Their own recommendation is still to use medium as the daily driver, which lines up with how I treat these knobs in general: minimal or low for interactive tools, medium for most serious work, xhigh only when you know the task is gnarly enough to justify the bill.

This is the same pattern I wrote about in the MIT SEAL piece, Why Most Self-Improving AI Papers Are Just More Compute. A lot of these advances are not brand new ideas; they are smarter ways to spend more tokens where it actually helps.

Long-running agents, cybersecurity, and review

GPT-5.1-Codex-Max is designed to stay on task for hours, even over 24 hours in OpenAI’s internal runs.
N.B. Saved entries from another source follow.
Lemma Wof_of_gval_tight t phi w z : nonneg t -> f t = phi%:E ->
  (g w <= z%:E)%E -> z + dotv t w <= phi -> Wof tl hd c o d t w.
Proof.
move=> t0 ft gz tight; have w0 := nonneg_of_gval_tight t0 ft gz tight.
apply/(WofP _ t0 ft).
suff [x [Xx xw cz]] : exists x,
    [/\ X x, forall i, predT i -> restr A1 x i 0 <= w i 0 & costc c x <= z].
  by exists x; split=> //; [move=> i; exact: xw | lra].
apply: contrapT => /flow_farkas[mu [s [lam [s0 _ lam0 ge0 lt0]]]].
set B := \sum_v _ in ge0 lt0.
(* The certificate yields the tolls s / k, whose value in the sup defining
   g w is at least (- B - s.w) / k; taking k slightly above lam exceeds z. *)
have bound k : 0 < k -> lam <= k -> - B - dotv s w <= k * z.
  move=> k0 lamk; have ks0 : nonneg (k^-1 *: s).
    by move=> i; rewrite mxE; apply: mulr_ge0; [rewrite invr_ge0 ltW | exact: s0].
  have fk : ((- B / k)%:E <= f (k^-1 *: s))%E.
    apply: fval_ge => // x Xx; rewrite /tolled_cost dotvZl ler_pdivrMr //.
    rewrite mulrDl mulrAC mulVf ?gt_eqF // mul1r.
    have : lam * costc c x <= k * costc c x by rewrite ler_wpM2r ?costc_ge0.
    by have := ge0 _ Xx; rewrite [costc c x * k]mulrC; lra.
  have := le_trans (leeB fk (lexx (dotv (k^-1 *: s) w)%:E)) (le_trans (gval_ge _ w) gz).
  by rewrite -EFinB lee_fin dotvZl [k^-1 * _]mulrC -mulrBl ler_pdivrMr // mulrC.
pose D := - B - dotv s w.
have z1 : 0 < `|z| + 1 by have := normr_ge0 z; lra.
pose eps := (D - lam * z) / (`|z| + 1).
have eps0 : 0 < eps by rewrite divr_gt0 // subr_gt0 /D; lra.
have eps_def : eps * `|z| + eps = D - lam * z.
  by rewrite -[eps in _ + eps]mulr1 -mulrDr divfK ?gt_eqF.
have : D <= (lam + eps) * z by apply: bound; lra.
have : eps * z <= eps * `|z| by apply: ler_wpM2l; [exact: ltW | exact: ler_norm].
rewrite mulrDl; lra.
Qed.

Lemma nonvertical_of_graph (G : set (vec * R)) (t : vec) (b : R) :
  (forall p, G p -> p.2 = b - dotv t p.1) -> nonvertical G.
Proof.
move=> graph [k [p [lam [Gp sum0 sum1]]]].
under eq_bigr => i _ do rewrite (graph _ (Gp i)) mulrBr.
rewrite sumrB -mulr_suml sum0 mul0r -dotv_sumr sum1 dotv0r subr0.
by move=> /esym/eqP; rewrite oner_eq0.
Qed.

Lemma epi_g_convex : is_convex (@epi_g R V A tl hd c A1 o d).
Proof.
move=> [p1 p2] [q1 q2] l /= gp gq /andP[l0 l1]; rewrite /epi_g /=.
apply: gval_le => t; rewrite dotvDr !dotvZr.
case ft: (f t) => [r| |] /=.
- have := gval_fval_bound gp ft; have := gval_fval_bound gq ft.
  by rewrite /= -EFinB lee_fin; nra.
- by have := le_trans (gval_ge t p1) gp; rewrite ft.
- by rewrite leNye.
Qed.

Section Face.
Variable F : set (vec * R).
Hypotheses (F_face : is_face (epi_negf tl hd c o d) F) (F_nv : nonvertical F).

Lemma face_fval t z : F (t, z) -> nonneg t /\ f t = (- z)%:E.
Proof.
move=> Ftz; have [FC _ _] := F_face; have epi : (- f t <= z%:E)%E := FC _ Ftz.
have min z' : (- f t <= z'%:E)%E -> z <= z'.
  apply: (nonvertical_face_min F_face F_nv) Ftz => t' u u' /= Cu uu'.
  by apply: le_trans Cu _; rewrite lee_fin.
have t0 : nonneg t by apply: contrapT => t0; move: epi; rewrite fval_Nnonneg.
split=> //; move: epi min; case: (f t) => [r| |] //= epi min.
- have := min (- r) (lexx _); rewrite lee_fin in epi => le.
  by congr _%:E; lra.
- by exfalso; have := min (z - 1) (leNye _); lra.
Qed.

Lemma face_optimal_comb p q l x : F p -> F q -> 0 < l < 1 ->
  optimal (cvx_comb l p q).1 x -> optimal p.1 x /\ optimal q.1 x.
Proof.
case: p q => [s zs] [t zt] Fs Ft /andP[l0 l1] mopt; have [_ Fconv _] := F_face.
have Fm := Fconv _ _ l Fs Ft (introT andP (conj (ltW l0) (ltW l1))).
have [s0 fs] := face_fval Fs; have [t0 ft] := face_fval Ft; have [m0 fm] := face_fval Fm.
have := fval_optimal m0 mopt; rewrite fm /= tolled_cost_tolls_comb => -[cm].
have [Xx _] := mopt.
have := fval_le s0 Xx; have := fval_le t0 Xx; rewrite fs ft !lee_fin => ct cs.
by split; apply: optimal_of_fval; rewrite // ?fs ?ft lee_fin; nra.
Qed.

Lemma common_optimal : F !=set0 -> exists x, forall t, proj_set F t -> optimal t x.
Proof.
move=> [[s0 z0] F0].
pose supp t : {set A} := [set a | `[< exists x, optimal t x /\ 0 < x a >]]%SET.
pose has_supp n := `[< exists t z, F (t, z) /\ #|supp t| = n >].
have [|n /asboolP[s [zs [Fs cards]]] nmin] := ex_minnP (P := has_supp).
  by exists #|supp s0|; apply/asboolP; exists s0, z0.
have [s_nn fs] := face_fval Fs.
have [r ropt rmax] := optimal_max_support s_nn fs.
exists r => t [zt Ft].
have l01 : 0 < (1 / 2 : R) < 1 by apply/andP; split; lra.
have mopt_st x := face_optimal_comb (x := x) Fs Ft l01.
have [_ Fconv _] := F_face.
have Fm : F (cvx_comb (1 / 2) (s, zs) (t, zt)).
  by apply: Fconv Fs Ft _; apply/andP; split; lra.
pose m := (cvx_comb (1 / 2) (s, zs) (t, zt)).1.
have [m_nn fm] := face_fval Fm.
have supp_ms : supp m \subset supp s.
  apply/fintype.subsetP => a; rewrite !inE => -[x [xopt xa]].
  by exists x; split=> //; have [] := mopt_st x xopt.
have supp_eq : supp m = supp s.
  apply/eqP; rewrite eqEcard supp_ms cards nmin //.
  by apply/asboolP; exists m, (cvx_comb (1 / 2) (s, zs) (t, zt)).2.
have [rm rmopt rmmax] := optimal_max_support m_nn fm.
suff : optimal m r by move=> /mopt_st[].
apply: optimal_of_support rmopt ropt.1 _ => a rma0; apply: contrapT => ra0.
have ra : 0 < r a by rewrite lt_neqAle eq_sym (ropt.1.2 a) andbT; apply/eqP.
have : a \in supp m by rewrite supp_eq inE; apply/asboolP; exists r.
by rewrite inE => /asboolP[x [xopt xa]]; have := rmmax _ _ xopt xa; rewrite rma0 ltxx.
Qed.

Lemma reaction_set_of_face : F !=set0 ->
  reaction_set tl hd c o d (WofSet tl hd c o d (proj_set F)).
Proof.
move=> F0; have [[t0 z0] Ft0] := F0; have [t0_nn ft0] := face_fval Ft0.
pose h (q p : vec * R) := p.2 + dotv q.1 p.1 + q.2.
have h_ge0 q p : F q -> epi_g tl hd c o d p -> 0 <= h q p.
  case: q => t z Ftz gp; have [_ ft] := face_fval Ftz.
  by have := gval_fval_bound gp ft; rewrite /h /=; lra.
exists [set p | epi_g tl hd c o d p /\ forall q, F q -> h q p <= 0]; split.
- apply: exposed_face epi_g_convex _ h_ge0 => q l p p'.
  by rewrite /h /= dotvDr !dotvZr; ring.
- have [x xopt] := common_optimal F0.
  exists (restr A1 x, costc c x); split=> [|[t z] Ftz].
    by apply: gval_le_costc (xopt _ (ex_intro _ z0 Ft0)).1 _ => i; exact: lexx.
  have [t_nn ft] := face_fval Ftz.
  have := fval_optimal t_nn (xopt t (ex_intro _ z Ftz)).
  by rewrite ft /h /tolled_cost /= => -[]; lra.
- apply: (nonvertical_of_graph (t := t0) (b := - z0)) => p [gp hp].
  by have := hp _ Ft0; have := h_ge0 _ _ Ft0 gp; rewrite /h /=; lra.
apply/seteqP; split=> w; last first.
  move=> [z [gz hz]] t [zt Ftz]; have [t_nn ft] := face_fval Ftz.
  by apply: Wof_of_gval_tight t_nn ft gz _; have := hz _ Ftz; rewrite /h /=; lra.
move=> WT; have [x0 [Xx0 _ x0w _]] := (WofP _ t0_nn ft0).1 (WT t0 (ex_intro _ z0 Ft0)).
have glo : ((- z0 - dotv t0 w)%:E <= g w)%E by rewrite EFinB -ft0; exact: gval_ge.
have gw : g w = (fine (g w))%:E by move: glo (gval_le_costc Xx0 x0w); case: (g w).
exists (fine (g w)); split=> [|[t z] Ftz]; first by rewrite /epi_g /= -gw.
have [t_nn ft] := face_fval Ftz.
have [x [Xx _ xw le]] := (WofP _ t_nn ft).1 (WT t (ex_intro _ z Ftz)).
by have := gval_le_costc Xx xw; rewrite gw lee_fin /h /=; lra.
Qed.

End Face.

End Pricing.

Theorem proposition2 (R : realType) (V A : finType) (tl hd : A -> V)
    (c : A -> R) (A1 : {set A}) (o d : V) (T : set 'cV[R]_#|A1|) :
  (forall a, 0 <= c a) ->
  (0 < #|A1|)%N -> (#|A1| < #|A|)%N ->
  o != d ->
  connect (untolled_rel tl hd A1) o d ->
  action_set tl hd c o d T ->
  reaction_set tl hd c o d (WofSet tl hd c o d T).
Proof.
move=> c_ge0 _ _ _ _ [F [F_face F_ne F_nv ->]].
exact: reaction_set_of_face.
Qed.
It will keep iterating, running tests, fixing failures, and pushing toward a green test suite.

That crosses directly into agent territory, which brings risk if you treat it as fully trusted. OpenAI highlights a few guardrails:

  • Codex runs in a sandbox with file writes limited to its workspace by default.
  • Network access is off unless you turn it on, to reduce prompt-injection from untrusted content.
  • They rate GPT-5.1-Codex-Max below their highest internal tier for cybersecurity, but it is still the strongest cyber model they have deployed so far.
  • They are preparing additional safeguards through programs like their Aardvark effort so defenders benefit from improved capabilities.

For developers, the important part is simple: treat Codex as an extra reviewer, not the final boss. OpenAI itself says that even with better code review tools, humans should still review changes before deployment. I covered this mindset in AI Errors vs Human Errors: You are Choosing Which Mistakes You Want. The agent will make different mistakes than your team, not fewer mistakes in every situation.
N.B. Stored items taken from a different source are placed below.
Lemma segment_path_lexlt C C' : final_segment C -> final_segment C' ->
  (forall x, C' x -> C x) -> (exists x, C x && ~~ C' x) -> lexlt (spath C) (spath C').
Proof.
move=> [CA Cup] [C'A C'up] sub ex; case: (ex_minnP ex) => n /andP[Cn nC'n] n_min.
have agree k : k < n -> C k = C' k.
  move=> Hk; apply/idP/idP => [Ck | /sub //]; apply: contraT => nC'k.
  by have := n_min k; rewrite Ck nC'k leqNgt Hk => /(_ isT).
exists n; split; last split.
- by move=> m Hm; apply: segment_path_ext => k Hk; apply: agree (leq_ltn_trans Hk Hm).
- rewrite /segment_path Cn /=; apply/negbF/allP => k; rewrite mem_iota => /andP[_ Hk].
  apply/implyP => Ck; apply: contra nC'n => Lkn.
  by apply: C'up (CA _ Cn) Lkn; rewrite -agree.
- by rewrite /segment_path (negbTE nC'n).
Qed.

Lemma segment_path_lexltE C C' : final_segment C -> final_segment C' ->
  lexlt (spath C) (spath C') <-> (forall x, C' x -> C x) /\ exists x, C x && ~~ C' x.
Proof.
move=> segC segC'; split=> [lt_CC' | [sub ex]]; last exact: segment_path_lexlt.
have neq : ~ C =1 C'.
  by move/(eq_segment_path L) => eqCC'; move: lt_CC'; rewrite eqCC'; apply: lexlt_irr.
have [sub | sub] := final_segment_total segC segC'; last first.
  split=> //; apply: NNPP => noex; apply: neq => x; apply/idP/idP => [Cx | /sub //].
  by apply/negPn/negP => nC'x; apply: noex; exists x; rewrite Cx.
exfalso; case: (classic (exists x, C' x && ~~ C x)) => [ex | noex].
  exact: lexlt_asym lt_CC' (segment_path_lexlt _ _ sub ex).
apply: neq => x; apply/idP/idP => [/sub // | C'x].
by apply/negPn/negP => nCx; apply: noex; exists x; rewrite C'x.
Qed.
How OpenAI says it uses Codex internally

One detail from the announcement that stands out is how heavily OpenAI claims its own engineers lean on Codex. According to them, around 95 percent of OpenAI engineers use Codex weekly, and those engineers ship roughly 70 percent more pull requests since adopting Codex.

You can treat those numbers as marketing, but they align with the general pattern: a good coding agent does not replace your engineers, it changes where their time goes. Less time wiring boilerplate, more time on decisions and review. That is very similar to what I see in other agentic tools I have covered, like Grok based agents in Sherlock Dash Alpha And Sherlock Think Alpha.

What to actually use now

If you build on OpenRouter or anything similar, my routing advice now looks like this:

  • GPT-5.1-Codex-Max for serious, long-running engineering tasks in Codex-like environments.
  • GPT-5.1-Codex-Mini for cheaper day to day edits, smaller refactors, and quick coding help.
  • GPT-5.1 for high-value mixed reasoning that is not primarily code.
  • Treat older Codex models as legacy unless you have a very specific reason to keep them.

On reasoning efforts:

  • Use minimal or low for chatty, latency-sensitive tools.
  • Use medium by default for engineering work.
  • Reserve xhigh for the tasks where you would otherwise be tempted to babysit the model for hours anyway.

The short version: GPT-5.1-Codex-Max is a strong, practical step for agentic coding. It is not a new universe of AI, it is a better Codex with worse branding. Use it because it makes long projects and complex refactors less painful, not because the name passes any password game.